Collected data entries
::::::::

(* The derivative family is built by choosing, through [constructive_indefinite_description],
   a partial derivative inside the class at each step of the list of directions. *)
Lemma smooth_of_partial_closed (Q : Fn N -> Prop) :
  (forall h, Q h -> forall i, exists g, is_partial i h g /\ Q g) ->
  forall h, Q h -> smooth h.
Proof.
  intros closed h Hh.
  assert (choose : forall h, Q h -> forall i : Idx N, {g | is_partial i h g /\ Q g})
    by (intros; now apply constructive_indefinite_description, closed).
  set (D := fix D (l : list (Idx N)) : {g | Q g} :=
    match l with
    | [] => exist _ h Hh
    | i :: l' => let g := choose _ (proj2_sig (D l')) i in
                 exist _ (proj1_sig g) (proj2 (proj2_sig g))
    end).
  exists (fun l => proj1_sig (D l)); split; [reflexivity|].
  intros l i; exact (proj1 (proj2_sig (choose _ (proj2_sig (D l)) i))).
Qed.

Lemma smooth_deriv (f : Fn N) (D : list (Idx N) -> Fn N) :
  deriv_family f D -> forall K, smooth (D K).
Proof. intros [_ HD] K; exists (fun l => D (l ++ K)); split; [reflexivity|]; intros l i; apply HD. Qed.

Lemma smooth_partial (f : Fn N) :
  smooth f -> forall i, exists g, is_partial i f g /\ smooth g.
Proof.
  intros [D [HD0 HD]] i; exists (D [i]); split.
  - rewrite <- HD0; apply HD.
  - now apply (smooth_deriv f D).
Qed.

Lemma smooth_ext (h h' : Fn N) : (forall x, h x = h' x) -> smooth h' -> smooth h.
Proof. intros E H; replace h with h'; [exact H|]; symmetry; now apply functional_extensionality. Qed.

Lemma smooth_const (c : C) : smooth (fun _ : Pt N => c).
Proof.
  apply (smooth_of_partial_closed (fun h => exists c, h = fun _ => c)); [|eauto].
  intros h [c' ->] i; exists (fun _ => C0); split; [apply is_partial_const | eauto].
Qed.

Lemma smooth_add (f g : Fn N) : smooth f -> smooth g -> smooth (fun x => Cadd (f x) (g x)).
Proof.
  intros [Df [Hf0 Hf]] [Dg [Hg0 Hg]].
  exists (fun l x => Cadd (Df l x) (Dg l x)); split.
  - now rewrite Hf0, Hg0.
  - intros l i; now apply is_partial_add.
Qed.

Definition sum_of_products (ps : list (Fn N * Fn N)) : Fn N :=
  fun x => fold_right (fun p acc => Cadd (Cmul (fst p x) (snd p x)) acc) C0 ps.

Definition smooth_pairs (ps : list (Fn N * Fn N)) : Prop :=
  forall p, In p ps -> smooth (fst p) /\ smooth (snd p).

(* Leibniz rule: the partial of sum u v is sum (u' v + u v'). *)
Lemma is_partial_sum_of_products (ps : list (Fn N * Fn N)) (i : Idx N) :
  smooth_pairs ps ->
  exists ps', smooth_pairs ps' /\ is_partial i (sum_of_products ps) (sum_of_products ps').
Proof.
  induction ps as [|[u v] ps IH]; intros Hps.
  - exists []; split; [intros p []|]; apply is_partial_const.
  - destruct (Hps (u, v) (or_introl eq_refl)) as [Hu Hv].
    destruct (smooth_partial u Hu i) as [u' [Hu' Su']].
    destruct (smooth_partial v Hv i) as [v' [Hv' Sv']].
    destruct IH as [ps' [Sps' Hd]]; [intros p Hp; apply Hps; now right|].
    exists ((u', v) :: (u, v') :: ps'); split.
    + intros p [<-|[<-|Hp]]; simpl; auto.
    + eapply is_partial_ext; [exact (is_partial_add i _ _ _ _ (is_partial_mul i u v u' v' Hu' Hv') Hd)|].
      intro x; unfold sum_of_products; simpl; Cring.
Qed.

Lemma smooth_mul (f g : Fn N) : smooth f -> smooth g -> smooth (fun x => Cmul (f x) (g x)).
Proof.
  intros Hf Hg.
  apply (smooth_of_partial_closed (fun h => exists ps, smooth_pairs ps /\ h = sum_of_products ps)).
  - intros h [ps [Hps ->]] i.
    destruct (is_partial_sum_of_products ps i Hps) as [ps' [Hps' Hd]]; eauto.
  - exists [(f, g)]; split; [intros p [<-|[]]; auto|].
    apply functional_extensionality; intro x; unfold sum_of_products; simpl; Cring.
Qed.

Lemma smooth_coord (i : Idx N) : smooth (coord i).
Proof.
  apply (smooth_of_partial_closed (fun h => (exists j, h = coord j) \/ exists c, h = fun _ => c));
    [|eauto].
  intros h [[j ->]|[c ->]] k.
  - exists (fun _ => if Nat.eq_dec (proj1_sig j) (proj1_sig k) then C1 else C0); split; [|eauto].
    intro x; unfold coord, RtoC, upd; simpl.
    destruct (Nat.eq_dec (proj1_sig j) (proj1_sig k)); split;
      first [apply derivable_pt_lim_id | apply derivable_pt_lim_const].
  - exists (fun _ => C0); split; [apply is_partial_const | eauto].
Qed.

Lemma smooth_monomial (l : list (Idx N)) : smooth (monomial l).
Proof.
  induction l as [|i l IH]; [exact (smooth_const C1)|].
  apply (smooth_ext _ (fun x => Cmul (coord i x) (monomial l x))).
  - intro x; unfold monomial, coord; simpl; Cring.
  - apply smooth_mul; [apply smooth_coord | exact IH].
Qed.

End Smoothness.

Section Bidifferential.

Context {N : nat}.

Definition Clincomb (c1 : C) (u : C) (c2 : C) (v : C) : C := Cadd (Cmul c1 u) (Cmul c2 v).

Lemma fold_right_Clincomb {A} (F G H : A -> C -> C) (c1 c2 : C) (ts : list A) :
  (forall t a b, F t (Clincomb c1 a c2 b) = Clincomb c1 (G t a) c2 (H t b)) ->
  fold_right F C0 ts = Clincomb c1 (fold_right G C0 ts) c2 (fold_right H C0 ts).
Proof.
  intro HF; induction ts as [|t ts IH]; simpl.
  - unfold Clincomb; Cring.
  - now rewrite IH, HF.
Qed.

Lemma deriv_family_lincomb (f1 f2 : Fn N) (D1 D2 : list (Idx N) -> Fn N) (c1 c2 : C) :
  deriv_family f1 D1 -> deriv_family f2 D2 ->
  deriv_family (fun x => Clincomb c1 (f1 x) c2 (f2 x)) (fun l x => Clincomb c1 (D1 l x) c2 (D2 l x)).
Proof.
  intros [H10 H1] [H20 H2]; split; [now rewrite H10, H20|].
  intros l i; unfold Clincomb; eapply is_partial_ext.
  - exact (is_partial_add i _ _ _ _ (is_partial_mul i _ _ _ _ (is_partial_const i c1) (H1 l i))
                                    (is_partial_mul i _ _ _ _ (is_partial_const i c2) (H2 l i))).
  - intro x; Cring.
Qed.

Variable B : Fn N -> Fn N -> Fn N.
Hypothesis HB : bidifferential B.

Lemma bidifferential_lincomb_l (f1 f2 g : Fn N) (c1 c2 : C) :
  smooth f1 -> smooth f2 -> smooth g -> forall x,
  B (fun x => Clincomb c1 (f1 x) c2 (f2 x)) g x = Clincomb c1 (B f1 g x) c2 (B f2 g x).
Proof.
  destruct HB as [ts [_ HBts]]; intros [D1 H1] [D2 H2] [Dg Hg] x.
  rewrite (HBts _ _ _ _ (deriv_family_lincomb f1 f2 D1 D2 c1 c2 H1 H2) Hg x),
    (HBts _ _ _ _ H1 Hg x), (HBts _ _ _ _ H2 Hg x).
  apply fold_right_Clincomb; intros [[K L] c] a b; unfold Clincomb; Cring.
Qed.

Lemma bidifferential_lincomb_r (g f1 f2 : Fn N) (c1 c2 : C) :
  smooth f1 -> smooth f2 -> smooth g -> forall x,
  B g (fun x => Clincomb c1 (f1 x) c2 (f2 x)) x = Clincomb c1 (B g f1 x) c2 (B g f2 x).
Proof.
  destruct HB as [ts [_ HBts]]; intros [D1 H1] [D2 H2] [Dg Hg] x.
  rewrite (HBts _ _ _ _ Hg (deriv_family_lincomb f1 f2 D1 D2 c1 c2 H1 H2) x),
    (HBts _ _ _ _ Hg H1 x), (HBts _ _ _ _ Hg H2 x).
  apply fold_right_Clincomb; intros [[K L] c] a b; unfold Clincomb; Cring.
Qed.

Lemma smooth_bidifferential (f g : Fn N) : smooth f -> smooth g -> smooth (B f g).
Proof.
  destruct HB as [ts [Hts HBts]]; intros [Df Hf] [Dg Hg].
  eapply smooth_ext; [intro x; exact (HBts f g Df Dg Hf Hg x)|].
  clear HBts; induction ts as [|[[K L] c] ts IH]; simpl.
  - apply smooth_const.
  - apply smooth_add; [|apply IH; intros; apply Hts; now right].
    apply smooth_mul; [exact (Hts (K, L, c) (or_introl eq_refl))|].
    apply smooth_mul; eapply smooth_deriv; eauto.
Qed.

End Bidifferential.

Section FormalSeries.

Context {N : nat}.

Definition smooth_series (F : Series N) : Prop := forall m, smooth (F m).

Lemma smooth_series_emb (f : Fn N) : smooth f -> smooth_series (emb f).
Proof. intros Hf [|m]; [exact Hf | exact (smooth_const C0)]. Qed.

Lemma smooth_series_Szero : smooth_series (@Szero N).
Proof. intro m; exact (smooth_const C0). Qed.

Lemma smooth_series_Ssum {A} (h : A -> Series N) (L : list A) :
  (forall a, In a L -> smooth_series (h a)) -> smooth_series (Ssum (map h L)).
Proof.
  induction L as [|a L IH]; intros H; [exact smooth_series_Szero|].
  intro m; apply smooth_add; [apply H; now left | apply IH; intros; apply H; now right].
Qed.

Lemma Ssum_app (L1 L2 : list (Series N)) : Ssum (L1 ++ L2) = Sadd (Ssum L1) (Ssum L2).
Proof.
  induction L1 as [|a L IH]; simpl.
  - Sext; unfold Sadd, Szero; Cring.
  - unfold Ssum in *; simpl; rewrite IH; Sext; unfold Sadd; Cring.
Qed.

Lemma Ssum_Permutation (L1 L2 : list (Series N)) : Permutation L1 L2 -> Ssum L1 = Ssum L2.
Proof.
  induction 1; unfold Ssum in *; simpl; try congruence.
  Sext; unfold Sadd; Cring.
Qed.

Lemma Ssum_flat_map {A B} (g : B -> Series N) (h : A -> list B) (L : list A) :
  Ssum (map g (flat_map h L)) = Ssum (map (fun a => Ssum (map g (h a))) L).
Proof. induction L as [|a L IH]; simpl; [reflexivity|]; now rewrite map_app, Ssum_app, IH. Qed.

::::::::

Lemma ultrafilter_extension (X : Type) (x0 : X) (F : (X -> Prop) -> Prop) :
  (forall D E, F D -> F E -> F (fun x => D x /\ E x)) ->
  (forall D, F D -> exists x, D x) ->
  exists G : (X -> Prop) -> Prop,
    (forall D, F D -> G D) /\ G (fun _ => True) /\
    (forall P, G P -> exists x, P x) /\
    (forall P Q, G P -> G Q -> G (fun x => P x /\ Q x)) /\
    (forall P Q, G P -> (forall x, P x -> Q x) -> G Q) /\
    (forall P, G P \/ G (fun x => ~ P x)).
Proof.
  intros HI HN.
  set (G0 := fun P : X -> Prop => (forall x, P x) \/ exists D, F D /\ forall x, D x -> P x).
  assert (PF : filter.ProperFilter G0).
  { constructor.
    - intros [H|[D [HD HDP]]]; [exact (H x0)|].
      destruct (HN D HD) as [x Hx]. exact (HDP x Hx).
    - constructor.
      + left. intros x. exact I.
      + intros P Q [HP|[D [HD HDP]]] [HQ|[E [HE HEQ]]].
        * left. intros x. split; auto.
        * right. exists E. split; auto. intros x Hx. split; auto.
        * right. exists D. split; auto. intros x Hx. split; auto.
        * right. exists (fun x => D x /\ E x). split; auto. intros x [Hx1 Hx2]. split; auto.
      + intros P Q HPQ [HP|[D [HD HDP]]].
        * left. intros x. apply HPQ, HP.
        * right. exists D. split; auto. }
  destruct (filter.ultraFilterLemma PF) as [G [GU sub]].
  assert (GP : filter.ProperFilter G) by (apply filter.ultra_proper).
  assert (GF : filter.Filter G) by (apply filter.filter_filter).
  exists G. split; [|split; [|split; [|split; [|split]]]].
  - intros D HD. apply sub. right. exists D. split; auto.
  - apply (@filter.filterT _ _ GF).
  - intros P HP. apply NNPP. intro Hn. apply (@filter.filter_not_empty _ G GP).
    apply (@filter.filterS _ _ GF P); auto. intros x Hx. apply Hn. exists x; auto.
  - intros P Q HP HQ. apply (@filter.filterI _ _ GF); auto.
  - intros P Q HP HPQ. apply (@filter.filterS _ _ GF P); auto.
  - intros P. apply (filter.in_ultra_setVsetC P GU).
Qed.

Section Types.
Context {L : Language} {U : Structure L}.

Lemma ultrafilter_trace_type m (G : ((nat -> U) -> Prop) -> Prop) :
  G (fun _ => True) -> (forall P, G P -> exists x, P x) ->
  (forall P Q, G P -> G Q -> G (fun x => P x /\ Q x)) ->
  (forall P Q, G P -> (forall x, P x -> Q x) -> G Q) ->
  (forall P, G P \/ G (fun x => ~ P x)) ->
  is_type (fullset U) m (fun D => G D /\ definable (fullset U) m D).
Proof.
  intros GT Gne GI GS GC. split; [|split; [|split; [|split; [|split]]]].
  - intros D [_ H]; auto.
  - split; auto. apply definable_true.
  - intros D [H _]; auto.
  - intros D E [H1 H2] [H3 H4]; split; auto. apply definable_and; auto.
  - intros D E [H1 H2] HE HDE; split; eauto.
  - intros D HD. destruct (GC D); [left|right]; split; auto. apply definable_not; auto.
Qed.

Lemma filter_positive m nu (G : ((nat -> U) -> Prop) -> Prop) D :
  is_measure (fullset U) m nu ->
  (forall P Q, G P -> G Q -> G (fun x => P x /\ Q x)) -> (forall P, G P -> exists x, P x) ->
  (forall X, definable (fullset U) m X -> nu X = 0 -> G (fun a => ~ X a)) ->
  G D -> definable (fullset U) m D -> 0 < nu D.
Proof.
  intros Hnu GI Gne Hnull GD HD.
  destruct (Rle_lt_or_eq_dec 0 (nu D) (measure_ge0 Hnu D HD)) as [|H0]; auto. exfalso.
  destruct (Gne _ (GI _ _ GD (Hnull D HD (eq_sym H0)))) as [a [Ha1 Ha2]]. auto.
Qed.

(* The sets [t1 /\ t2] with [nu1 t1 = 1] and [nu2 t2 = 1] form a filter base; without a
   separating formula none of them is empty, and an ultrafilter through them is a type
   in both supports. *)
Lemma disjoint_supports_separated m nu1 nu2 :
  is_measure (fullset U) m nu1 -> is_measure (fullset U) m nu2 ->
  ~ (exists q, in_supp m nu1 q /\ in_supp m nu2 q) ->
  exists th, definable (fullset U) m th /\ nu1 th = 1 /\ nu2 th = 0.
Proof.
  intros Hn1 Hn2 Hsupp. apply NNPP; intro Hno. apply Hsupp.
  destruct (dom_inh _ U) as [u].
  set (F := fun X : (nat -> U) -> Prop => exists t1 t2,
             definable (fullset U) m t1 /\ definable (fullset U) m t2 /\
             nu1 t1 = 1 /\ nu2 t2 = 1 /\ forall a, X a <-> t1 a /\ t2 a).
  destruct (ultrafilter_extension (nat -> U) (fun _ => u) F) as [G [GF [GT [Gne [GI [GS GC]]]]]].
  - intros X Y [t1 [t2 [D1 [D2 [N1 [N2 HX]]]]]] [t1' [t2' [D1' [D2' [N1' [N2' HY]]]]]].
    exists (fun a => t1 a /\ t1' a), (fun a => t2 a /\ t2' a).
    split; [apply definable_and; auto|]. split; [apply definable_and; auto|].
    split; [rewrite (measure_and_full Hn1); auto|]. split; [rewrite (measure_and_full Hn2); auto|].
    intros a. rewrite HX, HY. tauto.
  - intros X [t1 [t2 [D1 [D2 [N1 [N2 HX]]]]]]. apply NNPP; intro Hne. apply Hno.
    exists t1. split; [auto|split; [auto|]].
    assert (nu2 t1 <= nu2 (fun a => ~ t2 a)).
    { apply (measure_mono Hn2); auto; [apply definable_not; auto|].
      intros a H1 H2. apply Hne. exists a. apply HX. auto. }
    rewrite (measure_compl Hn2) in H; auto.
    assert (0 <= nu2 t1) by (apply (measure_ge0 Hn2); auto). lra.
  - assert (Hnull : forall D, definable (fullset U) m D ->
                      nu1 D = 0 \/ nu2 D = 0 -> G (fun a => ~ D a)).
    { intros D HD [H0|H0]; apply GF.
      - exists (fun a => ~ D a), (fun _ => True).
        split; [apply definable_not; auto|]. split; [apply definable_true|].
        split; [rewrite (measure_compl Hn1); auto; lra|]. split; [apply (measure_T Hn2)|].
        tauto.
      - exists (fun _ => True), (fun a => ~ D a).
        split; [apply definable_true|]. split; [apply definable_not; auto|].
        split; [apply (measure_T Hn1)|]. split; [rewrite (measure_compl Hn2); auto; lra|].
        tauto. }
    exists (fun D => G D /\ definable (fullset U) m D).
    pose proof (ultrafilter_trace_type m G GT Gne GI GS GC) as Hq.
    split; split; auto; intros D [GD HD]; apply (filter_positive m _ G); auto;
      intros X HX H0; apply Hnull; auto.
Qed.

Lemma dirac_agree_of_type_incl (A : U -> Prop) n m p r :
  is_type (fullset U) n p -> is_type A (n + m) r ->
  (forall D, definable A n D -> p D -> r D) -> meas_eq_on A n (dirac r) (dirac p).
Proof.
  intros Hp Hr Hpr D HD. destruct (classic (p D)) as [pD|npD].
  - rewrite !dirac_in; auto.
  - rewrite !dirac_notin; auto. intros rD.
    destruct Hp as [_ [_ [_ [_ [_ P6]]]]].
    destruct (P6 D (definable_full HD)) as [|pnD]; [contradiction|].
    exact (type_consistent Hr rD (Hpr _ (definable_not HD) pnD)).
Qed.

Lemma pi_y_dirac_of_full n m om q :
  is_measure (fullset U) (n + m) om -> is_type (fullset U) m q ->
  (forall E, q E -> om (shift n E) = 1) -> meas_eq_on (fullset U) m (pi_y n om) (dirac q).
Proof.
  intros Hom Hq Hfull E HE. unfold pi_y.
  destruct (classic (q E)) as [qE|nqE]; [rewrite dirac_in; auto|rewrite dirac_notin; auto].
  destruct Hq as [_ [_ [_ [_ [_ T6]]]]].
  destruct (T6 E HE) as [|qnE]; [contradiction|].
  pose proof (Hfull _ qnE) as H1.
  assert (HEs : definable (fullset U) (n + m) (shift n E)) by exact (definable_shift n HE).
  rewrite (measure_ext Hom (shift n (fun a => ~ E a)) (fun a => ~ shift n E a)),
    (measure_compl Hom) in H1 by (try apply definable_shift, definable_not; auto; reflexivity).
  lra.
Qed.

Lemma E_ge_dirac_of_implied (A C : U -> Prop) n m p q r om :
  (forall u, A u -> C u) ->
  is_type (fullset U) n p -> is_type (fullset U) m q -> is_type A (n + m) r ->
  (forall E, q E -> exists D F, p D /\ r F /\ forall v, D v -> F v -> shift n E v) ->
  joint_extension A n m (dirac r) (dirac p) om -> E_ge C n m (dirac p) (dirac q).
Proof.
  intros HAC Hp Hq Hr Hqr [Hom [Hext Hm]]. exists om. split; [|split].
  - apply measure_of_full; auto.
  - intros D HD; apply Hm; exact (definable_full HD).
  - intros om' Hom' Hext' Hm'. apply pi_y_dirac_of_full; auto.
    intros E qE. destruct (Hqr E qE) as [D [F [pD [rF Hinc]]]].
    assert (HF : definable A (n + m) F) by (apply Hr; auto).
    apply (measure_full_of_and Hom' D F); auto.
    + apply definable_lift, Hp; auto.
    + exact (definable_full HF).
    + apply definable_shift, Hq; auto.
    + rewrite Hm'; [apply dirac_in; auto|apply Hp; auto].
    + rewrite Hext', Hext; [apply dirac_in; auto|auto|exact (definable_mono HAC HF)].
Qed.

::::::::

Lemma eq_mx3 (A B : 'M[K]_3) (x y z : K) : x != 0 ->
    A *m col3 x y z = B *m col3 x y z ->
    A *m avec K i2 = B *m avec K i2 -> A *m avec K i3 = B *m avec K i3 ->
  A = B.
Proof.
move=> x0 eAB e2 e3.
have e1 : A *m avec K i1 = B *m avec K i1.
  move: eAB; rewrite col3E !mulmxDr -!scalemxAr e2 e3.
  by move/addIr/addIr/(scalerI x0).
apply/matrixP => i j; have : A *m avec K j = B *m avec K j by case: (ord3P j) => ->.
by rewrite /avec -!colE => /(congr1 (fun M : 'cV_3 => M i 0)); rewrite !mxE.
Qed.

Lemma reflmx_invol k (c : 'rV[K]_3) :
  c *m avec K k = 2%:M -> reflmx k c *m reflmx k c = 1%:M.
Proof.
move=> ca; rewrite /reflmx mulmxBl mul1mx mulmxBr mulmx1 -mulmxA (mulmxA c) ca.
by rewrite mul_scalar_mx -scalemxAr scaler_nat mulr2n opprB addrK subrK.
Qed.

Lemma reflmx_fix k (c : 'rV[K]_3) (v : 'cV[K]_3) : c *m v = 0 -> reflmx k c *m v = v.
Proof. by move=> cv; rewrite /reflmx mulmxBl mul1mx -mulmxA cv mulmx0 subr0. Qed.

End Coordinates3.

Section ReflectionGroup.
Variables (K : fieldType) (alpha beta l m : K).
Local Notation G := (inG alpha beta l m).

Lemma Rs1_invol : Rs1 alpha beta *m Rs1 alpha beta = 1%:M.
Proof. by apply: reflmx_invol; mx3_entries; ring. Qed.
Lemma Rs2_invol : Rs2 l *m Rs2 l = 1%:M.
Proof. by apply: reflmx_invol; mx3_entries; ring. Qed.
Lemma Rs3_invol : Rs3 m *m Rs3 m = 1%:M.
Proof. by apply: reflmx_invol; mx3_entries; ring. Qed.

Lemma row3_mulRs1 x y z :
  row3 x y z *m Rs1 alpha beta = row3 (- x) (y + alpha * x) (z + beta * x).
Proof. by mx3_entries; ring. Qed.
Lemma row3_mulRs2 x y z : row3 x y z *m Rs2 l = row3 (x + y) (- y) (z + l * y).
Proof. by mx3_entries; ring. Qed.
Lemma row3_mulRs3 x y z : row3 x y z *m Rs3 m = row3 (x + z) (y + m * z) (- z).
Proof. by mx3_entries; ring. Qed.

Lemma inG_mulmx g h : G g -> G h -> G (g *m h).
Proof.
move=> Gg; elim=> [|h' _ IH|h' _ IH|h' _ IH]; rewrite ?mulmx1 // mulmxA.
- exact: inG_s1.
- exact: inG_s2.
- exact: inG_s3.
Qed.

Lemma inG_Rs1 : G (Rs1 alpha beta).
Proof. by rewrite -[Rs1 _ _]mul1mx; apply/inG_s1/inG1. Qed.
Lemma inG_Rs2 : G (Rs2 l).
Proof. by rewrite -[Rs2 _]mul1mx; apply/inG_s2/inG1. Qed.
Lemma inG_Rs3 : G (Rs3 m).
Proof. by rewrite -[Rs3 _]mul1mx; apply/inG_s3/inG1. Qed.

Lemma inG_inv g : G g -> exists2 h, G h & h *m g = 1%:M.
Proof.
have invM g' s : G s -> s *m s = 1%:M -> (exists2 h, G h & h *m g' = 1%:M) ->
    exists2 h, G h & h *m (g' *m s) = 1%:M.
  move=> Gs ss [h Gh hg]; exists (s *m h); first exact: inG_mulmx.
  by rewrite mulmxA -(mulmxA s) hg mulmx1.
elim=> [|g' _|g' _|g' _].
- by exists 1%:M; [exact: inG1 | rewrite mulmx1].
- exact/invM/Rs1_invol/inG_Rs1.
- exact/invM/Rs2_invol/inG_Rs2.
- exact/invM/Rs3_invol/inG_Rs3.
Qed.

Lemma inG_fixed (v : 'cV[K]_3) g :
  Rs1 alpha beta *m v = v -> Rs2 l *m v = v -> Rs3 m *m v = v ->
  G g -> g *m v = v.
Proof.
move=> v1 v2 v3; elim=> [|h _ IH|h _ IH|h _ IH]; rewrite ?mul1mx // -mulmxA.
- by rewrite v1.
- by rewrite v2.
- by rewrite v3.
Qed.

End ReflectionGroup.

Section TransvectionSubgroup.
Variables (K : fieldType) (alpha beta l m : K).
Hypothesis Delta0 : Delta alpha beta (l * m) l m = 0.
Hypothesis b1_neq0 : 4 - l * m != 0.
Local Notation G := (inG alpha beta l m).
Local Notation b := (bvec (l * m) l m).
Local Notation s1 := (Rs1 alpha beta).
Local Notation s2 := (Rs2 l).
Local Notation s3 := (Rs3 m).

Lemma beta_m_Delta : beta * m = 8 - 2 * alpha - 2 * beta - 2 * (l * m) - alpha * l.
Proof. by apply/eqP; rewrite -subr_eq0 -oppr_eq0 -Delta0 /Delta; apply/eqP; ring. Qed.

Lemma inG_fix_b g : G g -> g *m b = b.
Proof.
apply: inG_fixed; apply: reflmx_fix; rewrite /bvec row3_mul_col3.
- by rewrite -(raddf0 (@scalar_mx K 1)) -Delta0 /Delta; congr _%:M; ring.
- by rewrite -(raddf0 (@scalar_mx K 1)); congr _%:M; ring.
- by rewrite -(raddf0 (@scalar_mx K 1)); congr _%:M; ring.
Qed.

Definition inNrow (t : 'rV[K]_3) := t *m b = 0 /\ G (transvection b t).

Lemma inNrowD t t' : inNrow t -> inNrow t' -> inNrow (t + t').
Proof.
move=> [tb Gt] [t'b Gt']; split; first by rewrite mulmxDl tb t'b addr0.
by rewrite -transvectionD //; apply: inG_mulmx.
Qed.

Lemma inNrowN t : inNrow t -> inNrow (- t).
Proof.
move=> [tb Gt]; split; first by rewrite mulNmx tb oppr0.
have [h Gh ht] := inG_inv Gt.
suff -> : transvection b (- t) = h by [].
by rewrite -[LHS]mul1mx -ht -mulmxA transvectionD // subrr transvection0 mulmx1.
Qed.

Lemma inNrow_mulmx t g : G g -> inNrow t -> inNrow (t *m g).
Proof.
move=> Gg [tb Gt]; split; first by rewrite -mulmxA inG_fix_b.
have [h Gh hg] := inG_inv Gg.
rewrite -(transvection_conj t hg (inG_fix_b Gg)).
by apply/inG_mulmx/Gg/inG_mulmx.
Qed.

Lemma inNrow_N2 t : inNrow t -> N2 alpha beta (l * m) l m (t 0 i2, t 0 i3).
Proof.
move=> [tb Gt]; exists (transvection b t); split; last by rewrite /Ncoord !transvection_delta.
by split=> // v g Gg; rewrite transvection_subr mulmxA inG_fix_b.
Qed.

::::::::

• _WHAT IS REQUIRED_
Check each line of the data above for the word "induction" and say how many lines have it. Give the number alone.

• _RESPONSE_
8